*EXERCISE REQUIREMENTS*:
Among the entries that follow, find every line with the word "mathcomp" and copy it.

*PROVIDED DATA*:
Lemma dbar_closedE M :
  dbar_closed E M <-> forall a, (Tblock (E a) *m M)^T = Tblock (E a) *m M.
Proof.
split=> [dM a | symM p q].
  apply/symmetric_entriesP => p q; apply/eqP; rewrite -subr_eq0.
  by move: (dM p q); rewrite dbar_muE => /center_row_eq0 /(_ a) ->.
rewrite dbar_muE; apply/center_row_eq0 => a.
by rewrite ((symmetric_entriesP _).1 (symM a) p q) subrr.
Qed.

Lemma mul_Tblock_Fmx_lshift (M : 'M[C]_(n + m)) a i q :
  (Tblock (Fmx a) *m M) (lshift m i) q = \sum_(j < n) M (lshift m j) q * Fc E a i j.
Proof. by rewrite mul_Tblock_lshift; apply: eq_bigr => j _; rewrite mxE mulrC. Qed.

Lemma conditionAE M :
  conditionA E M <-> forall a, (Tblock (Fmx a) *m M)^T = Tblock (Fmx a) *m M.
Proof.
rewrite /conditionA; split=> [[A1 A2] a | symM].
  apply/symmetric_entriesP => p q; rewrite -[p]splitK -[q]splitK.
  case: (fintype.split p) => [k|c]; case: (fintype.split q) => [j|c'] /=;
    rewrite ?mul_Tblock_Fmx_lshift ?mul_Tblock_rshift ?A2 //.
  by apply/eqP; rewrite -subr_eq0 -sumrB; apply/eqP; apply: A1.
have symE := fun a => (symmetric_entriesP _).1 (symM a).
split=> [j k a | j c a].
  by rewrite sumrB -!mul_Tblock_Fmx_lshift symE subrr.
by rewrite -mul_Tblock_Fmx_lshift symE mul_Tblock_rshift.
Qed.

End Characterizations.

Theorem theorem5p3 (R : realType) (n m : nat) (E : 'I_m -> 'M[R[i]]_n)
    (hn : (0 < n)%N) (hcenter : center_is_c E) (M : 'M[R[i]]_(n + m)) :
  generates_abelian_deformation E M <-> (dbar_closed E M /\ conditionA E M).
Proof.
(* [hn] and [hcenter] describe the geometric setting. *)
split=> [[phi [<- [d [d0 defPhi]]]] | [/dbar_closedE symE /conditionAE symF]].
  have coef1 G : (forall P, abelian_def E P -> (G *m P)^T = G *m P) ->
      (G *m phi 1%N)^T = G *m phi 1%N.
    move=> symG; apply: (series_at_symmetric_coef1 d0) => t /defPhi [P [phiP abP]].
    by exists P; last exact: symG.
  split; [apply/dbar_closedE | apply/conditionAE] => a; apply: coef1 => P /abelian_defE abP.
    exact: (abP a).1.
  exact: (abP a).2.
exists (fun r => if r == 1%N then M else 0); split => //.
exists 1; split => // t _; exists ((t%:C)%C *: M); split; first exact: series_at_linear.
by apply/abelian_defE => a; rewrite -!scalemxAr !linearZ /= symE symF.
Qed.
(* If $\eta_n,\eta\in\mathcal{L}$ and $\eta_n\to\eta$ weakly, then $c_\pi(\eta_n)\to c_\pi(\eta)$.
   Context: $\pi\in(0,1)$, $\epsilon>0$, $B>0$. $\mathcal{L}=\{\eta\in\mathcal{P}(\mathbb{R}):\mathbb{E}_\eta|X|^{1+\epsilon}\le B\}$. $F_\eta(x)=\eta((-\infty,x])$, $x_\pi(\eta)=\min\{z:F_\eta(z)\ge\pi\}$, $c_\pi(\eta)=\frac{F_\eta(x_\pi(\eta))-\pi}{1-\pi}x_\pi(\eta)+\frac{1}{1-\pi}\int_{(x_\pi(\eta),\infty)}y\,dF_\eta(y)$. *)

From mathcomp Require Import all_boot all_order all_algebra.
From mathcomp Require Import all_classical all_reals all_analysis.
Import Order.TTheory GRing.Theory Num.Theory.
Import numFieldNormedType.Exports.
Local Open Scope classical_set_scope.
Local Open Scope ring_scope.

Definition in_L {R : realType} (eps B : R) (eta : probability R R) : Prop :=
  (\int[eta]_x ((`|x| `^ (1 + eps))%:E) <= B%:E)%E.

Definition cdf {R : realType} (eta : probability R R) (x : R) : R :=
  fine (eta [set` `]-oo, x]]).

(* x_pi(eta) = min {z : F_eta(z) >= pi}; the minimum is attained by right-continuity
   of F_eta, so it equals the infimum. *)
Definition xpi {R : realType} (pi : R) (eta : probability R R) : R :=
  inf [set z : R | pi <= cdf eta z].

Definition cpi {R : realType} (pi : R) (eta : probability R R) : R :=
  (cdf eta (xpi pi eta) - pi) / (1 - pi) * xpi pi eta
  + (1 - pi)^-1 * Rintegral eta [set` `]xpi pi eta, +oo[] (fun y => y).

*REPLY TO THE EXERCISE*:
From mathcomp Require Import all_boot all_order all_algebra.
From mathcomp Require Import all_classical all_reals all_analysis.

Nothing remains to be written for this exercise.